> [Requirement] Word for word, repeat all of the entries below.

> [Dataset content]
(* In the mechanism $\mathbb{M}_{\text{1-supply}}$ on a unit-supply two-sided market, if every seller $j\in L$ receives and accepts an offer (i.e. puts her item into the market) with probability exactly $1/2$, then $$2\,\mathrm{ALG}^S\ \ge\ \sum_{j=1}^k\mathbb{E}[w_j]\ \ge\ \mathrm{OPT}^S.$$
   Context: Unit-supply two-sided market: buyers $[n]$, sellers $[k]$, seller $j$ owns only item $j$. Buyer valuations $v_i$ are monotone normalized XOS functions on $2^{[k]}$ drawn independently from public distributions $G_i$; seller values $w_j\ge0$ drawn independently from public distributions $F_j$. For XOS $v$ and $T\subseteq[k]$, $a(v,T,\cdot)$ is a fixed additive function with $a(v,T,T)=v(T)$, $a(v,T,S)\le v(S)$. $\mathbb{A}$ maps buyer profiles $\mathbf v$ to allocations $X^{\mathbb A}(\mathbf v)$ of items to buyers. $\mathrm{SW}^B_j(\mathbf v)=a(v_i,X^{\mathbb A}_i(\mathbf v),\{j\})$ if $j\in X^{\mathbb A}_i(\mathbf v)$, else $0$. $L=\{j:\mathbb{E}[\mathrm{SW}^B_j(\mathbf v)]\ge4\mathbb{E}[w_j]\}$, $p_j=\frac12\mathbb{E}[\mathrm{SW}^B_j(\mathbf v)]$ for $j\in L$. $\mathbb{M}_{\text{1-supply}}$: for each $j\in L$, with probability $q_j=1/(2\Pr[w_j\le p_j])$ offer seller $j$ payment $p_j$; she accepts iff $w_j\le p_j$; $\Lambda_1$ = accepted items. Then buyers $i=1,\dots,n$ in turn pick a utility-maximizing bundle $B_i\subseteq\Lambda_i$ at prices $p_j$, pay $\sum_{j\in B_i}p_j$, and $\Lambda_{i+1}=\Lambda_i\setminus B_i$; sellers of bought items receive $p_j$; unbought items stay with their sellers. $\mathrm{ALG}^S=\mathbb{E}[\sum_j w_j\mathbb{I}(\text{item } j\text{ stays with seller }j)]$ in the mechanism's outcome. $\mathrm{OPT}^S$ is the expected sellers' part $\sum_j w_j\mathbb{I}(j\text{ unallocated to buyers})$ of the welfare of a welfare-maximizing allocation (chosen for each valuation profile). *)

From HB Require Import structures.
From mathcomp Require Import all_boot all_order all_algebra.
From mathcomp Require Import all_classical all_reals all_analysis.
Set Implicit Arguments. Unset Strict Implicit. Unset Printing Implicit Defensive.
Import Order.TTheory GRing.Theory Num.Theory.
Local Open Scope ring_scope.

Section Market.
Variable R : realType.

Definition valuation (k : nat) := {set 'I_k} -> R.

Definition addfun (k : nat) (alpha : 'I_k -> R) (S : {set 'I_k}) : R :=
  \sum_(j in S) alpha j.

Definition monotone_val (k : nat) (v : valuation k) :=
  forall S T : {set 'I_k}, S \subset T -> v S <= v T.

Definition normalized_val (k : nat) (v : valuation k) := v finset.set0 = 0.

Definition XOS (k : nat) (v : valuation k) :=
  exists (m : nat) (alpha : 'I_m.+1 -> 'I_k -> R),
    (forall l j, 0 <= alpha l j) /\
    (forall l S, addfun (alpha l) S <= v S) /\
    (forall S, exists l, v S = addfun (alpha l) S).

(* allocations of items to buyers: item j goes to buyer i (Some i) or to nobody *)
Definition alloc (n k : nat) := 'I_k -> option 'I_n.

Definition bundle (n k : nat) (X : alloc n k) (i : 'I_n) : {set 'I_k} :=
  [set j | X j == Some i].

Definition SWB (n k : nat) (a : valuation k -> {set 'I_k} -> 'I_k -> R)
  (A : ('I_n -> valuation k) -> alloc n k) (vs : 'I_n -> valuation k) (j : 'I_k) : R :=
  match A vs j with
  | Some i => addfun (a (vs i) (bundle (A vs) i)) [set j]
  | None => 0
  end.

Definition welfare (n k : nat) (vs : 'I_n -> valuation k) (ws : 'I_k -> R)
  (X : alloc n k) : R :=
  \sum_(i < n) vs i (bundle X i) + \sum_(j < k) ws j * (X j == None)%:R.

Section Prob.
Local Open Scope classical_set_scope.
Context (d : measure_display) (Omega : measurableType d) (P : probability Omega R).

(* mutual independence of a finite family of event collections:
   product rule for every choice of one event per collection
   (each collection contains setT, so this covers all subfamilies) *)
Definition mutually_independent (I : finType) (E : I -> set (set Omega)) :=
  forall Aev : I -> set Omega, (forall t, E t (Aev t)) ->
    P (\bigcap_(t in [set: I]) Aev t) = (\prod_(t : I) fine (P (Aev t)))%:E.

Definition events_rv (X : Omega -> R) : set (set Omega) :=
  [set Aev | exists B : set R, measurable B /\ Aev = X @^-1` B].

Definition events_val (k : nat) (V : Omega -> valuation k) : set (set Omega) :=
  [set Aev | exists B : {set 'I_k} -> set R, (forall S, measurable (B S)) /\
     Aev = [set om | forall S, B S (V om S)]].

Definition events_bool (o : Omega -> bool) : set (set Omega) :=
  [set Aev | exists B : set bool, Aev = o @^-1` B].

Definition Exp (f : Omega -> R) : \bar R := (\int[P]_om (f om)%:E)%E.

Definition Prob (Aev : set Omega) : R := fine (P Aev).

End Prob.

Section Mech.
Variables (n k : nat).

Definition Lambda1 (L : {set 'I_k}) (p : 'I_k -> R) (offered : 'I_k -> bool)
  (ws : 'I_k -> R) : {set 'I_k} :=
  [set j | [&& j \in L, offered j & ws j <= p j]].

> [Answer below]
(* In the mechanism $\mathbb{M}_{\text{1-supply}}$ on a unit-supply two-sided market, if every seller $j\in L$ receives and accepts an offer (i.e. puts her item into the market) with probability exactly $1/2$, then $$2\,\mathrm{ALG}^S\ \ge\ \sum_{j=1}^k\mathbb{E}[w_j]\ \ge\ \mathrm{OPT}^S.$$
   Context: Unit-supply two-sided market: buyers $[n]$, sellers $[k]$, seller $j$ owns only item $j$. Buyer valuations $v_i$ are monotone normalized XOS functions on $2^{[k]}$ drawn independently from public distributions $G_i$; seller values $w_j\ge0$ drawn independently from public distributions $F_j$. For XOS $v$ and $T\subseteq[k]$, $a(v,T,\cdot)$ is a fixed additive function with $a(v,T,T)=v(T)$, $a(v,T,S)\le v(S)$. $\mathbb{A}$ maps buyer profiles $\mathbf v$ to allocations $X^{\mathbb A}(\mathbf v)$ of items to buyers. $\mathrm{SW}^B_j(\mathbf v)=a(v_i,X^{\mathbb A}_i(\mathbf v),\{j\})$ if $j\in X^{\mathbb A}_i(\mathbf v)$, else $0$. $L=\{j:\mathbb{E}[\mathrm{SW}^B_j(\mathbf v)]\ge4\mathbb{E}[w_j]\}$, $p_j=\frac12\mathbb{E}[\mathrm{SW}^B_j(\mathbf v)]$ for $j\in L$. $\mathbb{M}_{\text{1-supply}}$: for each $j\in L$, with probability $q_j=1/(2\Pr[w_j\le p_j])$ offer seller $j$ payment $p_j$; she accepts iff $w_j\le p_j$; $\Lambda_1$ = accepted items. Then buyers $i=1,\dots,n$ in turn pick a utility-maximizing bundle $B_i\subseteq\Lambda_i$ at prices $p_j$, pay $\sum_{j\in B_i}p_j$, and $\Lambda_{i+1}=\Lambda_i\setminus B_i$; sellers of bought items receive $p_j$; unbought items stay with their sellers. $\mathrm{ALG}^S=\mathbb{E}[\sum_j w_j\mathbb{I}(\text{item } j\text{ stays with seller }j)]$ in the mechanism's outcome. $\mathrm{OPT}^S$ is the expected sellers' part $\sum_j w_j\mathbb{I}(j\text{ unallocated to buyers})$ of the welfare of a welfare-maximizing allocation (chosen for each valuation profile). *)

From HB Require Import structures.
From mathcomp Require Import all_boot all_order all_algebra.
From mathcomp Require Import all_classical all_reals all_analysis.
Set Implicit Arguments. Unset Strict Implicit. Unset Printing Implicit Defensive.
Import Order.TTheory GRing.Theory Num.Theory.
Local Open Scope ring_scope.

Section Market.
Variable R : realType.

Definition valuation (k : nat) := {set 'I_k} -> R.

Definition addfun (k : nat) (alpha : 'I_k -> R) (S : {set 'I_k}) : R :=
  \sum_(j in S) alpha j.

Definition monotone_val (k : nat) (v : valuation k) :=
  forall S T : {set 'I_k}, S \subset T -> v S <= v T.

Definition normalized_val (k : nat) (v : valuation k) := v finset.set0 = 0.

Definition XOS (k : nat) (v : valuation k) :=
  exists (m : nat) (alpha : 'I_m.+1 -> 'I_k -> R),
    (forall l j, 0 <= alpha l j) /\
    (forall l S, addfun (alpha l) S <= v S) /\
    (forall S, exists l, v S = addfun (alpha l) S).

(* allocations of items to buyers: item j goes to buyer i (Some i) or to nobody *)
Definition alloc (n k : nat) := 'I_k -> option 'I_n.

Definition bundle (n k : nat) (X : alloc n k) (i : 'I_n) : {set 'I_k} :=
  [set j | X j == Some i].

Definition SWB (n k : nat) (a : valuation k -> {set 'I_k} -> 'I_k -> R)
  (A : ('I_n -> valuation k) -> alloc n k) (vs : 'I_n -> valuation k) (j : 'I_k) : R :=
  match A vs j with
  | Some i => addfun (a (vs i) (bundle (A vs) i)) [set j]
  | None => 0
  end.

Definition welfare (n k : nat) (vs : 'I_n -> valuation k) (ws : 'I_k -> R)
  (X : alloc n k) : R :=
  \sum_(i < n) vs i (bundle X i) + \sum_(j < k) ws j * (X j == None)%:R.

Section Prob.
Local Open Scope classical_set_scope.
Context (d : measure_display) (Omega : measurableType d) (P : probability Omega R).

(* mutual independence of a finite family of event collections:
   product rule for every choice of one event per collection
   (each collection contains setT, so this covers all subfamilies) *)
Definition mutually_independent (I : finType) (E : I -> set (set Omega)) :=
  forall Aev : I -> set Omega, (forall t, E t (Aev t)) ->
    P (\bigcap_(t in [set: I]) Aev t) = (\prod_(t : I) fine (P (Aev t)))%:E.

Definition events_rv (X : Omega -> R) : set (set Omega) :=
  [set Aev | exists B : set R, measurable B /\ Aev = X @^-1` B].

Definition events_val (k : nat) (V : Omega -> valuation k) : set (set Omega) :=
  [set Aev | exists B : {set 'I_k} -> set R, (forall S, measurable (B S)) /\
     Aev = [set om | forall S, B S (V om S)]].

Definition events_bool (o : Omega -> bool) : set (set Omega) :=
  [set Aev | exists B : set bool, Aev = o @^-1` B].

Definition Exp (f : Omega -> R) : \bar R := (\int[P]_om (f om)%:E)%E.

Definition Prob (Aev : set Omega) : R := fine (P Aev).

End Prob.

Section Mech.
Variables (n k : nat).

Definition Lambda1 (L : {set 'I_k}) (p : 'I_k -> R) (offered : 'I_k -> bool)
  (ws : 'I_k -> R) : {set 'I_k} :=
  [set j | [&& j \in L, offered j & ws j <= p j]].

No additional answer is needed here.